Stored data entries:
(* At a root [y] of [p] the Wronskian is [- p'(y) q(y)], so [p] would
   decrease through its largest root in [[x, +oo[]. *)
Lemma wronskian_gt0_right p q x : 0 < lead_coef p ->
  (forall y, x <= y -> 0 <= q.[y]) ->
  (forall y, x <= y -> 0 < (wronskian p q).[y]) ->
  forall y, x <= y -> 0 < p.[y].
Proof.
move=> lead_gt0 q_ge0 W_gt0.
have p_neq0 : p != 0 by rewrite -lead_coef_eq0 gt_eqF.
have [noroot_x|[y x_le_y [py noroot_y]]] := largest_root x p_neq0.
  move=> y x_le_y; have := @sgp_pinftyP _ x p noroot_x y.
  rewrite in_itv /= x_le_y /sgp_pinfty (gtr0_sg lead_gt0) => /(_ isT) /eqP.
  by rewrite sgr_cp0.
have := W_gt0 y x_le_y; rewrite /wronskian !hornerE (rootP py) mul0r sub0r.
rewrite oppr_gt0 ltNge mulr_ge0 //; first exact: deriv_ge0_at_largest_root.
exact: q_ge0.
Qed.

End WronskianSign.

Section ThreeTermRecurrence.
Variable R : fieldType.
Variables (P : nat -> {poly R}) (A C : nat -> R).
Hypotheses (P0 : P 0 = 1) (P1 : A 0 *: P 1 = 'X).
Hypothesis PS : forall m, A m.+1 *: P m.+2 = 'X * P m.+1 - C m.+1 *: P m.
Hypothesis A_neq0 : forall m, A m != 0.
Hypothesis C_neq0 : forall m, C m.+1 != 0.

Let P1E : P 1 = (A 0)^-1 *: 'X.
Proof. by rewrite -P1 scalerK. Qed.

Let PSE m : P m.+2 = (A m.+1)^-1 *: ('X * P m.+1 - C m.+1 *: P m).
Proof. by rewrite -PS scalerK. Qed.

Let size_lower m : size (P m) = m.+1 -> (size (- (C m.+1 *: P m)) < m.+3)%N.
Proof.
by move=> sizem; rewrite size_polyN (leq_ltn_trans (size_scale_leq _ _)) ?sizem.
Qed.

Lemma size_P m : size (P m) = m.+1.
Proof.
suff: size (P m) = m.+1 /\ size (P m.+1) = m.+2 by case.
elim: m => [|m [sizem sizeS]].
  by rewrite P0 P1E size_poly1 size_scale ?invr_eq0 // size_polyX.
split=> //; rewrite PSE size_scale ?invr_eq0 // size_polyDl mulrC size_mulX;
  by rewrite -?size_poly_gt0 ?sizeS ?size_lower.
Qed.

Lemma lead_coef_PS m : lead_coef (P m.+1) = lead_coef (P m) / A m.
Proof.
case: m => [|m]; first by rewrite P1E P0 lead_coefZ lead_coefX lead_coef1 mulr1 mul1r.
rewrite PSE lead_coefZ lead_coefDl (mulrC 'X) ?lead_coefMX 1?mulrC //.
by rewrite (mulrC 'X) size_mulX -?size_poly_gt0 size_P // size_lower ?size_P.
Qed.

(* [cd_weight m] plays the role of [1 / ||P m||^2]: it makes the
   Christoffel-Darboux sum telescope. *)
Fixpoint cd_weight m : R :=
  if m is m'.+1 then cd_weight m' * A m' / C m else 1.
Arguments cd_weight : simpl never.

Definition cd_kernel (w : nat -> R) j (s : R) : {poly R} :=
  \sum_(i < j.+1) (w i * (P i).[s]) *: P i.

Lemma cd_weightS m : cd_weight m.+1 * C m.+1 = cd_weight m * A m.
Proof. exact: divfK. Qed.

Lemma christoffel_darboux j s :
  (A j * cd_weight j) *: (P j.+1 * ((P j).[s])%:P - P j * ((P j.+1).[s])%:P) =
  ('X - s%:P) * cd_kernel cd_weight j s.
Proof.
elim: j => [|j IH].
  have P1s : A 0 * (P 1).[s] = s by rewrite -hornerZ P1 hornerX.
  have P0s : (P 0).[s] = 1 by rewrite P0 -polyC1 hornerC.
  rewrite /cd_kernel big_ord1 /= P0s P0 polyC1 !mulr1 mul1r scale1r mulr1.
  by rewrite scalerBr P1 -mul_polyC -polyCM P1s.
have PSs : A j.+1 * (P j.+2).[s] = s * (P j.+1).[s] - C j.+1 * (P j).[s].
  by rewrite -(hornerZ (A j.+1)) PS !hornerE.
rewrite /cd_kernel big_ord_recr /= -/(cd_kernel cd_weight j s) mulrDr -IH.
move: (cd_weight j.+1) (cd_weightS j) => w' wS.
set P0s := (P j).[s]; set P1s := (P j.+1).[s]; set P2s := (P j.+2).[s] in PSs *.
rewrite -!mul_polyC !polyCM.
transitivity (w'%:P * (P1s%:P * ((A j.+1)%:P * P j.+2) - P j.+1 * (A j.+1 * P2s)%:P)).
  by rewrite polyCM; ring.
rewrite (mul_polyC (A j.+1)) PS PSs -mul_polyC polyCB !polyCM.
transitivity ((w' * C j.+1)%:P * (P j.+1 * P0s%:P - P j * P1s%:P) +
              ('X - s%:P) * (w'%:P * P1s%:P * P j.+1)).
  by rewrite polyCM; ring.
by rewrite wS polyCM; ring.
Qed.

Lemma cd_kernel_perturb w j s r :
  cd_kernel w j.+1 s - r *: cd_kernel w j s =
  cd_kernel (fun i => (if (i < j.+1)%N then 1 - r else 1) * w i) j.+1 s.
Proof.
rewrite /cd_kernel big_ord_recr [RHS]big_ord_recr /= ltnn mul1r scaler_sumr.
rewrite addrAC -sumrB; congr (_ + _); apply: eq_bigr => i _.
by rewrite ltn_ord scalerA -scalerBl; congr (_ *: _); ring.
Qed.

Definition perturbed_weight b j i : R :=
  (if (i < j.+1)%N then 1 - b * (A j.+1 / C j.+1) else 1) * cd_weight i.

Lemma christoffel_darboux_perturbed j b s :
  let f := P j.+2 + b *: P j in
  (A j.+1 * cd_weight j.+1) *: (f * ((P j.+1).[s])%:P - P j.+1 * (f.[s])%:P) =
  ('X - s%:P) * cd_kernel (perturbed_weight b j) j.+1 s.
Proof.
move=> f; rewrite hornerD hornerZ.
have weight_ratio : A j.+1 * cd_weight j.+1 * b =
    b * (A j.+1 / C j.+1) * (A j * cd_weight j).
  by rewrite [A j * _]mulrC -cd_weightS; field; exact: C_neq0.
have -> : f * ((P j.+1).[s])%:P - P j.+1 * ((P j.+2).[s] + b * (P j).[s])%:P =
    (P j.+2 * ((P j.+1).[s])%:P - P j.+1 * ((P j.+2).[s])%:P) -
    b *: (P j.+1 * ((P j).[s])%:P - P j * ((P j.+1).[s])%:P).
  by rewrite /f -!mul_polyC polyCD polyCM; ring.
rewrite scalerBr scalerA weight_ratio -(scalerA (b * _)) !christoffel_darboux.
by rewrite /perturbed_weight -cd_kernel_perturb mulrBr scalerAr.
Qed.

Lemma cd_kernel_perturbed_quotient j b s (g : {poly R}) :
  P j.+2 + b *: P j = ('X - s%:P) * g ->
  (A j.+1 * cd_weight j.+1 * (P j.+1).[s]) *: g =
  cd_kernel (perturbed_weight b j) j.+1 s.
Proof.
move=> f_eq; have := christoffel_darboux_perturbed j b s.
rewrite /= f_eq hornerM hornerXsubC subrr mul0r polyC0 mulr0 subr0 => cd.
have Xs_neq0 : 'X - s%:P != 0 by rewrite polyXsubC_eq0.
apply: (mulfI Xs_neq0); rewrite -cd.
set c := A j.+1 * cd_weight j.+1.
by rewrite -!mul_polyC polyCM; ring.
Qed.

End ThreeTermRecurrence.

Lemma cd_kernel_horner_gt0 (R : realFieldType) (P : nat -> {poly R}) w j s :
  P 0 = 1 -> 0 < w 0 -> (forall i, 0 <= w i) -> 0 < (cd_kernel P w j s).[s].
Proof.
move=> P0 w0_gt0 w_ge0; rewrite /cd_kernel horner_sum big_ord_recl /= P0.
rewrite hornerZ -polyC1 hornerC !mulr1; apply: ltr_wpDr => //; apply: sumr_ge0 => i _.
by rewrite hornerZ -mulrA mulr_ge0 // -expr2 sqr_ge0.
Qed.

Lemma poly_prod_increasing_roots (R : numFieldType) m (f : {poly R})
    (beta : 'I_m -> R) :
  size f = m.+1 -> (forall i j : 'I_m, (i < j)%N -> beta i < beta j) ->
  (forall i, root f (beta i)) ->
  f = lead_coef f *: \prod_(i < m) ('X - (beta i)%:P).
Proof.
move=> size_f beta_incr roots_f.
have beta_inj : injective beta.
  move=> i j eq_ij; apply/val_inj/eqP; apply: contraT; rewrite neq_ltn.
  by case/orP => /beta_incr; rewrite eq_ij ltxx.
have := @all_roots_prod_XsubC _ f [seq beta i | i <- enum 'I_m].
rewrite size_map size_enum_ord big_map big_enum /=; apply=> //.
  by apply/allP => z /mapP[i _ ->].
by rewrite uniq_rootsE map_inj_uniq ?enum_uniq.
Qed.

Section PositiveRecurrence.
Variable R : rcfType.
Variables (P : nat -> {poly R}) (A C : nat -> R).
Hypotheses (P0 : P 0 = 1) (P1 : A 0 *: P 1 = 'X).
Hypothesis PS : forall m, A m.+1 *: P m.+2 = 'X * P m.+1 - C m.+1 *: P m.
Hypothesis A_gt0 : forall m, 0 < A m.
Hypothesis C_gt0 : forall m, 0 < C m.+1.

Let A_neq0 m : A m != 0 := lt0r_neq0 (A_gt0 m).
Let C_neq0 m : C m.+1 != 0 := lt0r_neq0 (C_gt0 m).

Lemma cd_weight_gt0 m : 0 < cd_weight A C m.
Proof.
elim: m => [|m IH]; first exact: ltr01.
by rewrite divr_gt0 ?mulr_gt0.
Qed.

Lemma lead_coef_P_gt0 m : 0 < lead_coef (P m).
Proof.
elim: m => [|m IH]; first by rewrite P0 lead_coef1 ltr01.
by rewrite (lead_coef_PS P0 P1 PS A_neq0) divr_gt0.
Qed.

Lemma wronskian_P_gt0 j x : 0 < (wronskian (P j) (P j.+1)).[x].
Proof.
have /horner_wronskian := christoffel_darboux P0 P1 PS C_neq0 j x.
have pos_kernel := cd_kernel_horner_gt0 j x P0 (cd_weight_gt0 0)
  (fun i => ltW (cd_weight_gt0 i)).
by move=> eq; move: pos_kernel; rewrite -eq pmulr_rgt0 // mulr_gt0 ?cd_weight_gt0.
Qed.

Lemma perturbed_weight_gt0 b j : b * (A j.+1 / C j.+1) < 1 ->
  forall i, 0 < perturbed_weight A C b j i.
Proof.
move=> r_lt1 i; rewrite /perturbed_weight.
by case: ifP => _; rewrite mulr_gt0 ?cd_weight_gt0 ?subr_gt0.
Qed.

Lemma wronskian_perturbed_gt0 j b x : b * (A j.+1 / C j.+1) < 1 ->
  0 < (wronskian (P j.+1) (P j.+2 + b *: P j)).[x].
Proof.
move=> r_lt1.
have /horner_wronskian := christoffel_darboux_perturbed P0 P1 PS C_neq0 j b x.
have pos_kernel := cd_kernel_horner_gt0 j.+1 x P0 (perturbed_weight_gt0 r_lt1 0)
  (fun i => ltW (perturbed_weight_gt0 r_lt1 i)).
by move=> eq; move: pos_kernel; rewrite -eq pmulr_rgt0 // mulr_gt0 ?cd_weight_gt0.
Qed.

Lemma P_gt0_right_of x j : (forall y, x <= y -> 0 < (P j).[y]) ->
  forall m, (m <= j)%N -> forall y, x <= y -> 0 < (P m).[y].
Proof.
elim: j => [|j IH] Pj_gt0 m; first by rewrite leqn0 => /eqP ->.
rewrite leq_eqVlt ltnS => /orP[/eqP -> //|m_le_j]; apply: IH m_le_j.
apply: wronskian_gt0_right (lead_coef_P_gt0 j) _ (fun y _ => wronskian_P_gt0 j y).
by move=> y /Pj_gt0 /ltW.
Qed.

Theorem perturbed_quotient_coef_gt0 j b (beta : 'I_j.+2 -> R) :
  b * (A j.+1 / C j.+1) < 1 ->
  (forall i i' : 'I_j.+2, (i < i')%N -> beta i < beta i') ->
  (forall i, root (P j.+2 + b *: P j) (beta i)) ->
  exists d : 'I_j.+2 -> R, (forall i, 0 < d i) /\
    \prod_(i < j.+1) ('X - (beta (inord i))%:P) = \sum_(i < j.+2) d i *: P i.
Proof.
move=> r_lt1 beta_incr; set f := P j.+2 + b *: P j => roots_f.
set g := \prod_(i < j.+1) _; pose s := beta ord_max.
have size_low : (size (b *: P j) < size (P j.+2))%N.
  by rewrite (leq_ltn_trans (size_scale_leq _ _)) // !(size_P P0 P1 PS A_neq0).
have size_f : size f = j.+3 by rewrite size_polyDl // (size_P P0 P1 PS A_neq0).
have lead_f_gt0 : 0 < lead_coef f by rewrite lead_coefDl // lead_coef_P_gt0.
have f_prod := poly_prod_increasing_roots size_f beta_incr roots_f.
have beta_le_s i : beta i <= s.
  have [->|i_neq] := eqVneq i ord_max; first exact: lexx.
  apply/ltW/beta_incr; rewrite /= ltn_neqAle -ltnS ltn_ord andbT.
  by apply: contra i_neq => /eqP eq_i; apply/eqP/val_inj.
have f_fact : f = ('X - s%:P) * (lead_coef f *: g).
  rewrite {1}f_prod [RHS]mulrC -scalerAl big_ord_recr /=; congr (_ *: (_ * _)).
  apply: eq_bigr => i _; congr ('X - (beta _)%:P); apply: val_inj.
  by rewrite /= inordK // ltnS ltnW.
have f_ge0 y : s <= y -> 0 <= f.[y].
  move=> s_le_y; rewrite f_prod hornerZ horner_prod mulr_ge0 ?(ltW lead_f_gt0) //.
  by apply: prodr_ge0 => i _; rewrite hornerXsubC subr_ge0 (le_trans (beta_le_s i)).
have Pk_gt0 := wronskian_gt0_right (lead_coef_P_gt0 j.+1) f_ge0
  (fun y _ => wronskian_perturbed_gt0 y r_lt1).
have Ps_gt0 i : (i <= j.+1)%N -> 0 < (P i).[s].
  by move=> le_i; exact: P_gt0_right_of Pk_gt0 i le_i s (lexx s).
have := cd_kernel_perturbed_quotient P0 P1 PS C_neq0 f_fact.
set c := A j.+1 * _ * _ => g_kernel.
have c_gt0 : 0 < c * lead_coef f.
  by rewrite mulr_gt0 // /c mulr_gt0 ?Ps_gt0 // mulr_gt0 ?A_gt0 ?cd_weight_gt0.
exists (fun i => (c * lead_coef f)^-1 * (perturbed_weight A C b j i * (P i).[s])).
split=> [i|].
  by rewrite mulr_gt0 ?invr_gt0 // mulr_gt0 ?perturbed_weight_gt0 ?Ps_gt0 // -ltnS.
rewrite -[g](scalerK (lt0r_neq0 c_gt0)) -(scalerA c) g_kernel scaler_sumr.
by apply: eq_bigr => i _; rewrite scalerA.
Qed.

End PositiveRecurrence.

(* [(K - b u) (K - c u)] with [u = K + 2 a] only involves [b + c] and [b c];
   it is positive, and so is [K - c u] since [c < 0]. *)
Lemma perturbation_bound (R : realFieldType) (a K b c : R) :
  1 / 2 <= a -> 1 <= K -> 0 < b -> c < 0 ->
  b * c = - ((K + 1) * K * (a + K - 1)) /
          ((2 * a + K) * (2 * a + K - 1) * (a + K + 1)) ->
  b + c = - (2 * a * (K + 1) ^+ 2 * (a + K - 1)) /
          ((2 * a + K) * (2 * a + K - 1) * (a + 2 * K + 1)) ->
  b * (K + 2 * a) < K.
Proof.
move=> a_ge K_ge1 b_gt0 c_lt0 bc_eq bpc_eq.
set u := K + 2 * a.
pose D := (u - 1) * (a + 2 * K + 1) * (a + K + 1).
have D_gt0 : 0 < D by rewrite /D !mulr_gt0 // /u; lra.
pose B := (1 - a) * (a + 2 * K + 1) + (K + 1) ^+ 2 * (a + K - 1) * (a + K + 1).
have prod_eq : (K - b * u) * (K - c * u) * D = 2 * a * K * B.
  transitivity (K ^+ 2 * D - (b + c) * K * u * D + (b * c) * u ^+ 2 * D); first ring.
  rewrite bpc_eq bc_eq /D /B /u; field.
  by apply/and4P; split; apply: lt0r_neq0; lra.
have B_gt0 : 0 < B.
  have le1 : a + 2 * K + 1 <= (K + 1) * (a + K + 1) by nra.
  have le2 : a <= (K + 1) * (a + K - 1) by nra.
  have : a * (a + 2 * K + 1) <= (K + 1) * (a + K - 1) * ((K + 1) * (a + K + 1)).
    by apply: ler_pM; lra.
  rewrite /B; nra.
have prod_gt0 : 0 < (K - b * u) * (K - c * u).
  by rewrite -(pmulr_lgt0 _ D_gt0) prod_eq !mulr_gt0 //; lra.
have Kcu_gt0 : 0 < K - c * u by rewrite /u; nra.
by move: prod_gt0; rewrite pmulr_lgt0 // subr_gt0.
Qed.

▶ **Work instructions**: Among the lines above, repeat exactly those from the line with "set c := A j.+1 * _ * _ => g_kernel." to the line with "b * c = - ((K + 1) * K * (a + K - 1)) /", counting both ends.

▶ **Reply to the task**:
set c := A j.+1 * _ * _ => g_kernel.
have c_gt0 : 0 < c * lead_coef f.
  by rewrite mulr_gt0 // /c mulr_gt0 ?Ps_gt0 // mulr_gt0 ?A_gt0 ?cd_weight_gt0.
exists (fun i => (c * lead_coef f)^-1 * (perturbed_weight A C b j i * (P i).[s])).
split=> [i|].
  by rewrite mulr_gt0 ?invr_gt0 // mulr_gt0 ?perturbed_weight_gt0 ?Ps_gt0 // -ltnS.
rewrite -[g](scalerK (lt0r_neq0 c_gt0)) -(scalerA c) g_kernel scaler_sumr.
by apply: eq_bigr => i _; rewrite scalerA.
Qed.

End PositiveRecurrence.

(* [(K - b u) (K - c u)] with [u = K + 2 a] only involves [b + c] and [b c];
   it is positive, and so is [K - c u] since [c < 0]. *)
Lemma perturbation_bound (R : realFieldType) (a K b c : R) :
  1 / 2 <= a -> 1 <= K -> 0 < b -> c < 0 ->
  b * c = - ((K + 1) * K * (a + K - 1)) /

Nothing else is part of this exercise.